I have been fortunate enough to have been involved with the last five cycles of technology. As a result, I have been able to see patterns in the history of technology. It doesn’t matter what the technology is – we go from shock and awe to ho-hum, go-to-work. A technology eventually becomes invisible to us.
Remember when broadband came around? That was in the late 1990s, and it was magical. I had a DSL connection in my East Village apartment. By 2020 I was part of the gigabit society. Speed had faded from the foreground. We just kept consuming the internet, its joys and jolts, without thinking about speeds.
Same will happen to AI. But let me give you some more examples.
If you were around in the 1990s, you lived through the megahertz and then the gigahertz wars. For roughly three decades, from the mid-1970s through the early 2000s, the personal computer industry was all about how fast the processor ran. Intel and AMD were in a clock speed race. The Pentium 4 launched in November 2000 at 1.3 GHz and eventually topped out at 3.8 GHz. Faster was better.
The Pentium 4 era became notorious not for its speed but for its heat. Chips that once drew 15 to 20 watts were routinely hitting 70, 80, even over 100 watts, generating more thermal waste than useful work. The industry regrouped. It stopped talking about clock speed and started talking about performance per watt.
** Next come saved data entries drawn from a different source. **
(* Let $\lambda=(\lambda_1,\ldots,\lambda_\ell)$ be a partition with $\ell$ positive parts, and let $\mu=(\lambda_a,\lambda_{a+1},\ldots,\lambda_b)$ for some $1\leq a\leq b\leq\ell$ (a consecutive subpartition), having $m=b-a+1$ parts. Suppose $n\geq\ell$. Then the poset $\mathcal B_\mu^{n-\ell+m}$ is isomorphic to an interval in the poset $\mathcal B_\lambda^n$. In particular, if $\mathcal B_\mu^{n-\ell+m}$ is not a lattice, then $\mathcal B_\lambda^n$ is not a lattice.
   Context: For $N\geq 1$ and a partition $\nu$ with at most $N$ positive parts, $\mathcal B_\nu^N$ is the set of semistandard Young tableaux of shape $\nu$ (rows weakly increasing, columns strictly increasing) with entries in $\{1,\ldots,N+1\}$, partially ordered by the reflexive transitive closure of $T<F_i(T)$ for $i\in\{1,\ldots,N\}$ with $F_i(T)\neq 0$. Here $F_i$ is the type A crystal lowering operator: in the reading word of $T$ (rows read from bottom to top, each row left to right) keep only letters $i$ and $i+1$, replace each $i$ by '')'' and each $i+1$ by ''('', and match parentheses in the usual way; if there is no unmatched '')'', $F_i(T)=0$; otherwise $F_i(T)$ is obtained by changing the entry $i$ corresponding to the rightmost unmatched '')'' into $i+1$. *)

From Stdlib Require Import Relations.
From mathcomp Require Import all_boot.
Set Implicit Arguments. Unset Strict Implicit. Unset Printing Implicit Defensive.

Definition is_partition (nu : seq nat) : bool :=
  sorted geq nu && all (fun x => 0 < x) nu.

(* A tableau is a list of rows (row 1 first), each row a list of entries. *)
Definition tableau := seq (seq nat).

Definition is_ssyt (N : nat) (nu : seq nat) (T : tableau) : Prop :=
  [/\ map size T = nu,
      (forall r, r < size T -> sorted leq (nth [::] T r)),
      (forall r c, r.+1 < size T -> c < size (nth [::] T r.+1) ->
          nth 0 (nth [::] T r) c < nth 0 (nth [::] T r.+1) c)
    & (forall r, r < size T -> all (fun x => 0 < x <= N.+1) (nth [::] T r))].

Definition B (nu : seq nat) (N : nat) (T : tableau) : Prop := is_ssyt N nu T.

Definition reading_word (T : tableau) : seq nat := flatten (rev T).

(* Bracket scan: i is ")" and i+1 is "(".  Returns the position of the
   rightmost unmatched ")" (if any).  [opn] counts unmatched "(" so far. *)
Fixpoint scan (i : nat) (w : seq nat) (pos opn : nat) (last : option nat)
  : option nat :=
  match w with
  | [::] => last
  | x :: w' =>
      if x == i.+1 then scan i w' pos.+1 opn.+1 last
      else if x == i then
        (if 0 < opn then scan i w' pos.+1 opn.-1 last
         else scan i w' pos.+1 opn (Some pos))
      else scan i w' pos.+1 opn last
  end.

(* Crystal lowering operator on words; None plays the role of 0. *)
Definition Fword (i : nat) (w : seq nat) : option (seq nat) :=
  match scan i w 0 0 None with
  | None => None
  | Some p => Some (set_nth 0 w p i.+1)
  end.

(* Crystal lowering operator on tableaux: modify the reading word and put
   the letters back into the same cells. *)
Definition Fop (i : nat) (T : tableau) : option tableau :=
  match Fword i (reading_word T) with
  | None => None
  | Some w => Some (rev (reshape (rev (map size T)) w))
  end.

Definition step (N : nat) (T T' : tableau) : Prop :=
  exists2 i, 0 < i <= N & Fop i T = Some T'.

Definition Ble (N : nat) : relation tableau := clos_refl_trans tableau (step N).

Definition is_lattice (P : tableau -> Prop) (le : relation tableau) : Prop :=
  forall x y, P x -> P y ->
    (exists z, [/\ P z, le x z, le y z &
                  forall u, P u -> le x u -> le y u -> le z u]) /\
    (exists z, [/\ P z, le z x, le z y &
                  forall u, P u -> le u x -> le u y -> le u z]).

(* Put d := a - 1 and N := n - l + m.  A tableau X of B_mu^N is sent to the
   tableau of shape lambda whose first d rows are frozen (row r filled with r),
   whose rows a, ..., b are X with every entry raised by d, and whose last
   l - b rows are frozen at the largest values a column of height l allows.
   The frozen letters are all <= d or > N + d + 1, so they never take part in
   the bracketing of the letters j + d and j + d + 1: the map intertwines F_j
   with F_(j+d) for 1 <= j <= N and is an order embedding.  B_mu^N has a least
   and a greatest element, since a tableau on which no F_i (resp. no inverse
   of an F_i) acts is the greatest (resp. least) one.  Every F_i raises one
   letter of the reading word, so a tableau lying between the images of these
   two elements agrees with them on the frozen rows and is itself an image.
   Finally, an interval of a lattice is a lattice. *)

From Stdlib Require Import Relations.
From mathcomp Require Import all_boot zify.
Set Implicit Arguments. Unset Strict Implicit. Unset Printing Implicit Defensive.

(** * Bracketing *)

Section Brackets.

Variable i : nat.
Implicit Types u v w : seq nat.

(* The letter i.+1 is an opening and the letter i a closing bracket: [nopen w o]
   is the number of unmatched openings after reading [w] with [o] of them
   pending, and [matched w o] says that every closing bracket of [w] is
   matched. *)

Fixpoint nopen (w : seq nat) (o : nat) : nat :=
  match w with
  | [::] => o
  | x :: w' => nopen w' (if x == i.+1 then o.+1 else if x == i then o.-1 else o)
  end.

Fixpoint matched (w : seq nat) (o : nat) : bool :=
  match w with
  | [::] => true
  | x :: w' => if x == i.+1 then matched w' o.+1
               else if x == i then (0 < o) && matched w' o.-1
               else matched w' o
  end.

Lemma nopen_cat u v o : nopen (u ++ v) o = nopen v (nopen u o).
Proof. by elim: u o => //= x u IH o. Qed.

Lemma matched_cat u v o : matched (u ++ v) o = matched u o && matched v (nopen u o).
Proof.
elim: u o => //= x u IH o.
case: ifP => _; first exact: IH.
by case: ifP => _; rewrite IH // andbA.
Qed.

Lemma scan_default w pos o last :
  scan i w pos o last = if scan i w pos o None is Some q then Some q else last.
Proof.
elim: w pos o last => //= x w IH pos o last.
case: ifP => _; first exact: IH.
case: ifP => _; last exact: IH.
case: ifP => _; first exact: IH.
by rewrite IH; case: (scan i w pos.+1 o None).
Qed.

Lemma scan_NoneE w pos o : (scan i w pos o None == None) = matched w o.
Proof.
elim: w pos o => //= x w IH pos o.
case: ifP => _; first exact: IH.
case: ifP => _; last exact: IH.
case: ifP => /= _; first exact: IH.
by rewrite scan_default; case: (scan _ _ _ _ None).
Qed.

Lemma scan_SomeP w pos o p : scan i w pos o None = Some p ->
  exists u v, [/\ w = u ++ i :: v, p = pos + size u, nopen u o = 0 & matched v 0].
Proof.
elim: w pos o p => //= x w IH pos o p.
case: ifP => x_open.
  by move=> /IH [u [v [-> -> nopen_u matched_v]]]; exists (x :: u), v; rewrite /= x_open addSnnS.
case: ifP => [/eqP x_close | x_other]; last first.
  move=> /IH [u [v [-> -> nopen_u matched_v]]]; exists (x :: u), v.
  by rewrite /= x_open x_other addSnnS.
case: ifP => o_pos.
  move=> /IH [u [v [-> -> nopen_u matched_v]]]; exists (x :: u), v.
  by rewrite /= x_open x_close eqxx addSnnS.
have {o_pos} -> : o = 0 by move: o_pos; case: o.
rewrite scan_default; case E: (scan i w pos.+1 0 None) => [q|] [<-].
  move: E => /IH [u [v [-> -> nopen_u matched_v]]]; exists (x :: u), v.
  by split; rewrite //= ?addSnnS // x_open x_close eqxx.
exists [::], w; rewrite x_close addn0; split => //.
by rewrite -(scan_NoneE _ pos.+1) E.
Qed.

Lemma scan_unmatched u v pos o : nopen u o = 0 -> matched v 0 ->
  scan i (u ++ i :: v) pos o None = Some (pos + size u).
Proof.
elim: u pos o => [|x u IH] pos o /=.
  move=> -> matched_v; rewrite (ltn_eqF (ltnSn i)) eqxx /= scan_default addn0.
  by move: matched_v; rewrite -(scan_NoneE _ pos.+1) => /eqP ->.
case: ifP => _; first by move=> nopen_u matched_v; rewrite IH // addSnnS.
case: ifP => _; last by move=> nopen_u matched_v; rewrite IH // addSnnS.
case: ifP => o_pos nopen_u matched_v; first by rewrite IH // addSnnS.
by rewrite scan_default IH ?addSnnS //; move: o_pos nopen_u; case: o.
Qed.

Definition avoids (x : nat) := (x != i) && (x != i.+1).

Lemma nopen_avoid u o : all avoids u -> nopen u o = o.
Proof. by elim: u => //= x u IH /andP [/andP [/negbTE -> /negbTE ->] /IH]. Qed.

Lemma matched_avoid u o : all avoids u -> matched u o.
Proof. by elim: u => //= x u IH /andP [/andP [/negbTE -> /negbTE ->] /IH]. Qed.

Lemma nopen_no_close w o : {in w, forall x, x != i} -> nopen w o = o + count_mem i.+1 w.
Proof.
elim: w o => [|x w IH] o /= w_noi; first by rewrite addn0.
rewrite (negbTE (w_noi x (mem_head _ _))) IH => [|y y_w]; last first.
  by apply: w_noi; rewrite inE y_w orbT.
by case: ifP => _; rewrite ?addSnnS ?addn0.
Qed.

Lemma nopen_ge w o : o - count_mem i w <= nopen w o.
Proof.
elim: w o => [|x w IH] o /=; first by rewrite subn0.
case: ifP => /eqP x_open.
  by rewrite x_open (gtn_eqF (ltnSn i)) add0n; exact: leq_trans (leq_sub2r _ (leqnSn o)) (IH o.+1).
case: ifP => _; last exact: IH.
by rewrite add1n subnS -subn1 subnAC subn1; exact: IH.
Qed.

Lemma nopen_monotone w : {homo nopen w : o o' / o <= o'}.
Proof.
elim: w => //= x w IH o o' le_oo'; apply: IH.
by case: ifP => _ //; case: ifP => _ //; rewrite -!subn1 leq_sub2r.
Qed.

Lemma count_open_le_nopen w o : sorted leq w -> count_mem i.+1 w <= nopen w o.
Proof.
elim: w o => //= x w IH o w_sorted.
case: ifP => /eqP x_open; last by rewrite add0n; case: ifP => _; exact/IH/(path_sorted w_sorted).
rewrite nopen_no_close ?add1n ?ltnS ?leq_addl // => y /(allP (order_path_min leq_trans w_sorted)).
by rewrite x_open /=; lia.
Qed.

Lemma matched_prefix u v o : matched (u ++ v) o ->
  count_mem i u <= o + count_mem i.+1 u.
Proof.
elim: u o => [|x u IH] o //=.
case: ifP => /eqP x_open.
  by rewrite x_open (gtn_eqF (ltnSn i)) /= add0n addnA addn1 => /IH.
case: ifP => /eqP x_close /=; last by rewrite !add0n => /IH.
by case/andP; case: o => // o _ /IH; rewrite add0n add1n addSn ltnS.
Qed.

Lemma sorted_unmatched w o : sorted leq w -> o < count_mem i w -> ~~ matched w o.
Proof.
elim: w o => //= x w IH o w_sorted.
have x_min := allP (order_path_min leq_trans w_sorted).
case: ifP => /eqP x_open.
  rewrite x_open (gtn_eqF (ltnSn i)) (eq_in_count (a2 := pred0)) ?count_pred0 //.
  by move=> y /x_min /=; rewrite x_open; lia.
case: ifP => /eqP x_close; last by rewrite add0n; exact/IH/(path_sorted w_sorted).
by rewrite add1n ltnS; case: o => //= o; exact/IH/(path_sorted w_sorted).
Qed.

Lemma nopen_pos_split w o : 0 < nopen w o ->
  (0 < o /\ matched w o.-1) \/
  exists u v, [/\ w = u ++ i.+1 :: v, nopen u o = 0 & matched v 0].
Proof.
elim: w o => [|x w IH] o /=; first by left.
case: ifP => x_open.
  move=> /IH [[_ matched_w]|[u [v [-> nopen_u matched_v]]]].
    by case: o matched_w => [|o] matched_w; [right; exists [::], w; rewrite (eqP x_open) | left].
  by right; exists (x :: u), v; rewrite /= x_open.
case: ifP => x_close; move=> /IH [[o_pos matched_w]|[u [v [-> nopen_u matched_v]]]].
- by left; split; [lia | rewrite matched_w andbT; lia].
- by right; exists (x :: u), v; rewrite /= x_open x_close.
- by left.
- by right; exists (x :: u), v; rewrite /= x_open x_close.
Qed.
Multi-core architectures replaced the single fast core. Apple’s M1 chip in late 2020 made performance per watt the story. By 2021, ARM itself declared that performance per watt was the new Moore’s Law. The question was what the chip could do while drawing almost no power, producing almost no heat, inside a device thin enough to forget you were carrying it.
The chip became invisible. It stopped being the product and became part of the product. Nobody buying a MacBook Air today asks about the M-series clock speed. They feel the battery last all day and the machine stay cool and they do not think about the processor at all. That is exactly the point.
It took roughly 30 years from the first commercial microprocessors to the clock-speed plateau in 2005. Another 15 years to the M1 reframing. The total arc from speeds and feeds to invisible efficiency ran about 45 years.
The smartphone followed a compressed version of the same arc, running faster because the industry had already learned some lessons and because the market was way larger, and it moved much quicker than slower PC buying cycles.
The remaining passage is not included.